#### [Aim of the task]
When a line below holds the string "else", show that line.

* * *

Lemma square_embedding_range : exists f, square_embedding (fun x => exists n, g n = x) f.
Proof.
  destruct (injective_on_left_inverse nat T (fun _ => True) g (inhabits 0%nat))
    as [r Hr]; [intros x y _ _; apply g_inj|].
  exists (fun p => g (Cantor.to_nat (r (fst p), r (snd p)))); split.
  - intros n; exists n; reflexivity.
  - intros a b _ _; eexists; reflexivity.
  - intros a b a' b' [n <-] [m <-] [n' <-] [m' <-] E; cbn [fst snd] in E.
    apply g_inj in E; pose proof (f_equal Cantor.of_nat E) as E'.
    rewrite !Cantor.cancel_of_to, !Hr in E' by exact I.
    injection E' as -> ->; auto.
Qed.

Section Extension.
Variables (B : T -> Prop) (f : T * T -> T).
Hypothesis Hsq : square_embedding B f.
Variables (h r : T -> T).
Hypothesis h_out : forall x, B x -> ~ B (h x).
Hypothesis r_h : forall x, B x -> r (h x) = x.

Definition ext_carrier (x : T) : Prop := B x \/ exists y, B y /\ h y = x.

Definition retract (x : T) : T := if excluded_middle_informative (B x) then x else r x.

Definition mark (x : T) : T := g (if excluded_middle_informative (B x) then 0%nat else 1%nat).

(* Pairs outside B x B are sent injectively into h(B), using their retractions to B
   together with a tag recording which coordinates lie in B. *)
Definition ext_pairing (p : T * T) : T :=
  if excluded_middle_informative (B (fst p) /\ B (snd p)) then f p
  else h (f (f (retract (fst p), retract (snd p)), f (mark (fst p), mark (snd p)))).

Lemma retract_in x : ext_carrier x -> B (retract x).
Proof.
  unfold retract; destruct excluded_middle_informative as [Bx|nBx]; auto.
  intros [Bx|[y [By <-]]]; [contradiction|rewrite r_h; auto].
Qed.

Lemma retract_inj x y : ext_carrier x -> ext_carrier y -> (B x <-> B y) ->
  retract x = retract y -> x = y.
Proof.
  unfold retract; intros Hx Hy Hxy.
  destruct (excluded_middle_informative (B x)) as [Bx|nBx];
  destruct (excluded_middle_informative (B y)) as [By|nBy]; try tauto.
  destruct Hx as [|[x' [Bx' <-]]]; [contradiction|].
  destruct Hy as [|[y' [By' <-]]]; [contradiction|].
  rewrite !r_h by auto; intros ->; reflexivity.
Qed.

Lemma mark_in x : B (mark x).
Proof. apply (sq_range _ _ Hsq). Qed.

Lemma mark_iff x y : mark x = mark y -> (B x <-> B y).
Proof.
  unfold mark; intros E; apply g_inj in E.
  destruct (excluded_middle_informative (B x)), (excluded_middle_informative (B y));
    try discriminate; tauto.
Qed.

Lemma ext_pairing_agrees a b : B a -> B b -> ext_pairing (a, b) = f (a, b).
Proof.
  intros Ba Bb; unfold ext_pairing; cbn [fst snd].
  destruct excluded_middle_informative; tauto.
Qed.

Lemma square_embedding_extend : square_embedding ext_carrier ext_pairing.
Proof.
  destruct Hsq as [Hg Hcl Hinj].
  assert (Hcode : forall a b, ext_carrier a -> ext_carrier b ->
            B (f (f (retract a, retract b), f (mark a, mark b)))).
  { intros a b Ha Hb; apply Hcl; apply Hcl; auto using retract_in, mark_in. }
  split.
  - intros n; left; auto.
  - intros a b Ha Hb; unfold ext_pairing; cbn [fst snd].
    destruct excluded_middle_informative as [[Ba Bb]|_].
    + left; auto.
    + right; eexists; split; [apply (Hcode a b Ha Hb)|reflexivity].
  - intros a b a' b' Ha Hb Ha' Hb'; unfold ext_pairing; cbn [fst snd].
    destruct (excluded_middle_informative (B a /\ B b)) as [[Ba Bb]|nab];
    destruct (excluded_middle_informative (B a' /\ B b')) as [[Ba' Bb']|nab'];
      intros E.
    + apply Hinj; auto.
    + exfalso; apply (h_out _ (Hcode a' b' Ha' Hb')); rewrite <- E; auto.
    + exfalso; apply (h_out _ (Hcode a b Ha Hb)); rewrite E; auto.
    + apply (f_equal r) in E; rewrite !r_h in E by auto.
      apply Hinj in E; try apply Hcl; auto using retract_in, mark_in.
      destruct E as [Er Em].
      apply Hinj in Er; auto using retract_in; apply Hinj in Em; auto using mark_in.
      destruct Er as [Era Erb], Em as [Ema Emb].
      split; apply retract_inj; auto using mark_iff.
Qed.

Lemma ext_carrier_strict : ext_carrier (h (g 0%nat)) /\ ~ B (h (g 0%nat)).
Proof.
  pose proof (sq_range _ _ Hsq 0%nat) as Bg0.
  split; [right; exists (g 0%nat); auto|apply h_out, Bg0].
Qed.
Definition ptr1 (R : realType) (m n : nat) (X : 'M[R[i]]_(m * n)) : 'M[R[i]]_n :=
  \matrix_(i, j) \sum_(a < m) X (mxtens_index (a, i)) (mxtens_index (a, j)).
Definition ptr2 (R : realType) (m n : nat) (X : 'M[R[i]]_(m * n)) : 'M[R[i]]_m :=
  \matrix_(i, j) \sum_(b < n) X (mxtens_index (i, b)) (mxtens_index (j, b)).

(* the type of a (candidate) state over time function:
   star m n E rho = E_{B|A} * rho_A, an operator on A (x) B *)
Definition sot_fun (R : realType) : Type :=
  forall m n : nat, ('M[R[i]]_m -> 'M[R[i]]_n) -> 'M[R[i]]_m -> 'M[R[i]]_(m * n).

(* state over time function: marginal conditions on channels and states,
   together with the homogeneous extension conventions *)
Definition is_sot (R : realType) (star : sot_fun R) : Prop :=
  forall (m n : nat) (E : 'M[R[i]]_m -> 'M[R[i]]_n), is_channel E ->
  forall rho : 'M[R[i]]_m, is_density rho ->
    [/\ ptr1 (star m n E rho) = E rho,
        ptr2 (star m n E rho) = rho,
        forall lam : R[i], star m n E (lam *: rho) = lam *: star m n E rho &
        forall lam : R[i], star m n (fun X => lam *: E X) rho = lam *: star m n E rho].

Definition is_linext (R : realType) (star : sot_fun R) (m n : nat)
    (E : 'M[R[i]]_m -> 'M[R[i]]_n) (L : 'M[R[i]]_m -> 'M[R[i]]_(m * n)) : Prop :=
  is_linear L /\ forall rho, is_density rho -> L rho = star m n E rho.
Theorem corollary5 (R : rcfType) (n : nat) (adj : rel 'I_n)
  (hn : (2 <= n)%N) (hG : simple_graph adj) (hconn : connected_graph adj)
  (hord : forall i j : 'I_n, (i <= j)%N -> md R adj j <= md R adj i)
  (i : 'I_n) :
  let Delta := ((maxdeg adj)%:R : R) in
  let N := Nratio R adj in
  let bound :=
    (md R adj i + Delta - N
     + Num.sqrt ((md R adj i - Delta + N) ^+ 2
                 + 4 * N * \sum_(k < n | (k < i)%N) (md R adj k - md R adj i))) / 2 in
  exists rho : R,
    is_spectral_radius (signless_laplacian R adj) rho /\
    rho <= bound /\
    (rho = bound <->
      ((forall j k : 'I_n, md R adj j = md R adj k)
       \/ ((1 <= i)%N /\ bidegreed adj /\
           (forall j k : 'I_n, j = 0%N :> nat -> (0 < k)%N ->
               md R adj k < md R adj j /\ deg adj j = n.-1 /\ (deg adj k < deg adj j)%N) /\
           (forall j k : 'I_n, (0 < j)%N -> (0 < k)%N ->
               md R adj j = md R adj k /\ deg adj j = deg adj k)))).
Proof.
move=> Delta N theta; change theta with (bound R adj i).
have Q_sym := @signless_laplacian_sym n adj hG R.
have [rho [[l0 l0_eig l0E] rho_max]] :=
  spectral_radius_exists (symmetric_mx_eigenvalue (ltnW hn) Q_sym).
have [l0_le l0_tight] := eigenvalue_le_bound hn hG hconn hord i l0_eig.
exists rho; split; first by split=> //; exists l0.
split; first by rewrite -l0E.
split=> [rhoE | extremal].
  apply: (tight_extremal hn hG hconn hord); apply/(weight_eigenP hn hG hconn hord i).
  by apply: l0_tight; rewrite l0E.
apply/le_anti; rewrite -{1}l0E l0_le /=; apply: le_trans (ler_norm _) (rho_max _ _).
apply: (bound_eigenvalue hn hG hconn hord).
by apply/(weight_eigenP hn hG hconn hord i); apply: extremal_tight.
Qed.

* * *

#### [Answer for the task]
Definition retract (x : T) : T := if excluded_middle_informative (B x) then x else r x.
Definition mark (x : T) : T := g (if excluded_middle_informative (B x) then 0%nat else 1%nat).
  else h (f (f (retract (fst p), retract (snd p)), f (mark (fst p), mark (snd p)))).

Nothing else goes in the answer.